Ironically find of the day is another George III armorial pipe covered in this recent post, this time perfectly preserved. The crown tops the coat of arms, each element is perfect it in its minuteness, the three English lions roaring on top of each other with the Scottish lion on its tippitoes slightly to the right,  Irish harp, fleur de lys and so it goes on... the soot from the last lick of flames  200 years ago staining the front rim. 

Mudlarking find: Clay Pipe with George III Coat of Arms  

George III Coat of Arms used between 1760 - 1801
The lion and the unicorn caress the shield from the sides. Amazingly detailed, you can even see the chains surrounding the unicorn on the right below.  

Delighted to find a relief moulded medallion of George III, who seems to dominate the days finds. He was knocking around from to 1760 - 1820 the first Hanoverian king whose first language was English. Another reminder to the Tories that Britain has always been an island of immigrants. I've been on the look out for one of these for ages. This one is from a jug, mug or perhaps even a chamber pot made from white stoneware disparagingly referred to as debased scratch blue, at its height of popularity between 1765- 95 and covered in this earlier post.  

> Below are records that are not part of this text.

Lemma flag_signature3 (V : seq 'M[F]_N) :
  is_flag V -> flag_signature V = [:: k; 1; l]%N ->
  exists V0 V1 V2 V3, [/\ V = [:: V0; V1; V2; V3], (V0 == (0 : 'M[F]_N))%MS,
    (V3 == 1%:M)%MS, (V1 <= V2)%MS & \rank V1 = k /\ \rank V2 = k.+1].
Proof.
case=> _ V0E V3E Vlt Vsig; have := congr1 size Vsig.
rewrite size_map size_iota.
case: V V0E V3E Vlt Vsig => [|V0 [|V1 [|V2 [|V3 [|]]]]] //= V0E V3E Vlt [r1 r2 _] _.
exists V0, V1, V2, V3; split => //; first by apply: ltmxW; exact: (Vlt 1%N).
move: r1 r2; rewrite (eqmx_rank V0E) mxrank0 subn0 => rk1.
by rewrite rk1; split => //; lia.
Qed.

Lemma adapted_basis (V1 V2 : 'M[F]_N) :
  (V1 <= V2)%MS -> \rank V1 = k -> \rank V2 = k.+1 ->
  exists (B1 : 'M[F]_(k, N)) (B3 : 'M[F]_(l, N)) (e : 'M[F]_(1, N)),
    [/\ col_mx (col_mx B1 B3) e \in unitmx, (V1 :=: B1)%MS & (V2 :=: col_mx B1 e)%MS].
Proof.
move=> V12 rk1 rk2.
have rkD : \rank (V2 :\: V1)%MS = 1%N.
  have := mxrank_cap_compl V2 V1.
  by rewrite (capmx_idPr V12) rk1 rk2; lia.
have rkC : \rank (V2^C)%MS = l by rewrite mxrank_compl rk2; lia.
pose B1 : 'M[F]_(k, N) := castmx (rk1, erefl N) (row_base V1).
pose e : 'M[F]_(1, N) := castmx (rkD, erefl N) (row_base (V2 :\: V1)%MS).
pose B3 : 'M[F]_(l, N) := castmx (rkC, erefl N) (row_base (V2^C)%MS).
have B1E : (B1 :=: V1)%MS := eqmx_trans (eqmx_cast _ _) (eq_row_base V1).
have eE : (e :=: V2 :\: V1)%MS := eqmx_trans (eqmx_cast _ _) (eq_row_base _).
have B3E : (B3 :=: V2^C)%MS := eqmx_trans (eqmx_cast _ _) (eq_row_base _).
have V2E : (col_mx B1 e :=: V2)%MS.
  apply: eqmx_trans (eqmx_sym (addsmxE _ _)) _.
  apply: eqmx_trans (adds_eqmx B1E eE) _; rewrite addsmxC.
  apply: eqmx_trans _ (addsmx_diff_cap_eq V2 V1).
  by apply: adds_eqmx => //; exact: eqmx_sym (capmx_idPr V12).
exists B1, B3, e; split; [|exact: eqmx_sym|exact: eqmx_sym].
rewrite -row_full_unit -sub1mx.
apply: submx_trans (_ : 1%:M <= V2 + V2^C)%MS _; first by rewrite sub1mx addsmx_compl_full.
have col_mxS m1 m2 (A : 'M[F]_(m1, N)) (B : 'M[F]_(m2, N)) :
    (A <= col_mx A B)%MS && (B <= col_mx A B)%MS.
  by rewrite -!addsmxE addsmxSl addsmxSr.
have /andP [S1 S3] := col_mxS _ _ B1 B3; have /andP [S13 Se] := col_mxS _ _ (col_mx B1 B3) e.
by rewrite addsmx_sub -V2E -B3E col_mx_sub (submx_trans S1 S13) Se (submx_trans S3 S13).
Qed.

End FlagShape.

Lemma semigroup_iso_param (F : fieldType) N1 N2 (X Y : Type)
    (mulX : X -> X -> X) (mulY : Y -> Y -> Y)
    (S : 'M[F]_N1 -> Prop) (S' : 'M[F]_N2 -> Prop) (p : X -> 'M[F]_N1) (q : Y -> 'M[F]_N2)
    (th : X -> Y) (th' : Y -> X) (x0 : X) :
  (forall a, S a <-> exists t, a = p t) -> (forall b, S' b <-> exists t, b = q t) ->
  injective p -> injective q ->
  {morph p : s t / mulX s t >-> s *m t} -> {morph q : s t / mulY s t >-> s *m t} ->
  cancel th th' -> cancel th' th -> {morph th : s t / mulX s t >-> mulY s t} ->
  semigroup_iso S S'.
Proof.
move=> SP S'P p_inj q_inj pM qM thK th'K thM.
have /choice [pinv pinvK] : forall a, exists t, S a -> a = p t.
  by move=> a; have [/SP [t ->]|] := pselect (S a); [exists t | exists x0].
have pK t : pinv (p t) = t by apply: p_inj; rewrite -pinvK //; apply/SP; exists t.
exists (fun a => q (th (pinv a))); split.
- by move=> a _; apply/S'P; eexists.
- by move=> a b Sa Sb /q_inj /(can_inj thK) ab; rewrite (pinvK a) // (pinvK b) // ab.
- by move=> c /S'P [t ->]; exists (p (th' t)); [apply/SP; eexists | rewrite pK th'K].
- by move=> a b Sa Sb; rewrite (pinvK a) // (pinvK b) // -pM !pK thM qM.
Qed.

Theorem proposition15 (F : fieldType) (HF : infinite_field F) (k l m n : nat)
  (hk : (1 < k)%N) (hl : (1 < l)%N) (hm : (1 < m)%N) (hn : (1 < n)%N)
  (V : seq 'M[F]_(k + l + 1)) (W : seq 'M[F]_(m + n + 1)) :
  is_flag V -> flag_signature V = [:: k; 1; l]%N ->
  is_flag W -> flag_signature W = [:: m; 1; n]%N ->
  semigroup_iso (phi V) (phi W).
Proof.
move=> Vflag Vsig Wflag Wsig.
have [V0 [V1 [V2 [V3 [-> V0E V3E V12 [rkV1 rkV2]]]]]] := flag_signature3 Vflag Vsig.
have [W0 [W1 [W2 [W3 [-> W0E W3E W12 [rkW1 rkW2]]]]]] := flag_signature3 Wflag Wsig.
have [B1 [B3 [e [PV_unit V1E V2E]]]] := @adapted_basis F k l _ _ V12 rkV1 rkV2.
have [C1 [C3 [e' [PW_unit W1E W2E]]]] := @adapted_basis F m n _ _ W12 rkW1 rkW2.
have [th [th' [thK th'K thM]]] := triple_iso HF hk hl hm hn.
apply: (semigroup_iso_param (0, 0, 0) (phi_flag_coord PV_unit V0E V3E V1E V2E)
  (phi_flag_coord PW_unit W0E W3E W1E W2E) (flag_coord_inj PV_unit) (flag_coord_inj PW_unit)
  _ _ thK th'K thM) => s t; exact/esym/flag_coordM.
Qed.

Mudlarking Find: George III medallion on debased scratch blue stoneware

Debased Scratch Blue Jug (ebay) 
I had fun hunting down the origin of this lovely little piece, my guess -  an acorn cup from 16th century German Rhenish stoneware, fortunately for me captured in Flegel's still lives . 
Mudlarking Find: Acorn Cup 16th Century Cologne Stoneware

Detail from Still life below (hogsheadwine) 

George Flegel Still life with Stag beetle 1635
The potters from Cologne were keen on their relief acorns and oak leaves in the first half of the 16th century before they moved to Freshen, the Cologne bartmann jugs seem to be particularly refined. 

A yummy bit of hand painted delftware, a bit posher than the pieces I usually find and the first shard I've found with carefully drawn highlighting white lines in the centre of the leaves. Can't find a delft plate on the web which is similar to this. 
Mudlarking Find Delftware 1560-1750
Couldn't resist this tiny bird imprisoned in its shard 

Mudlarking find: Transferware bird 
or the hand painted flowers in the base of this Georgian tea bowl

Mudlarking Find: Hand painted flowers in the base of a tea bowl. 
One antique site suggests this distinctive floral decoration with tadpole leaves and barb-hook ends derives from Liverpool tinglazed earthenware, but was then replicated in both Leeds and Staffordshire and similar to those depicted below 

Miniature Toy Tea cups and Saucers 1785 -1800 (antiqueszone) 
The moral of this next story is never let me look at your finds, I got home to find the glass seal  Brian thought he had lost had found its way into my bag! So before it's returned I thought it might as well feature here.  It would have sat proudly on the front of a 100 year+ wine bottle, is it a pig or an elephant on the front? 
Brian's glass seal 17th - 19th Century

Friday, 3 May 2013

R. White London Stoneware Bottles

A month ago, I found a large piece of stoneware pottery. As I bent down and flipped it over I was pleased to see writing and a picture underneath. 'R.Whites' sits above a stamped plaque of St George and the dragon, their 19th Century logo. 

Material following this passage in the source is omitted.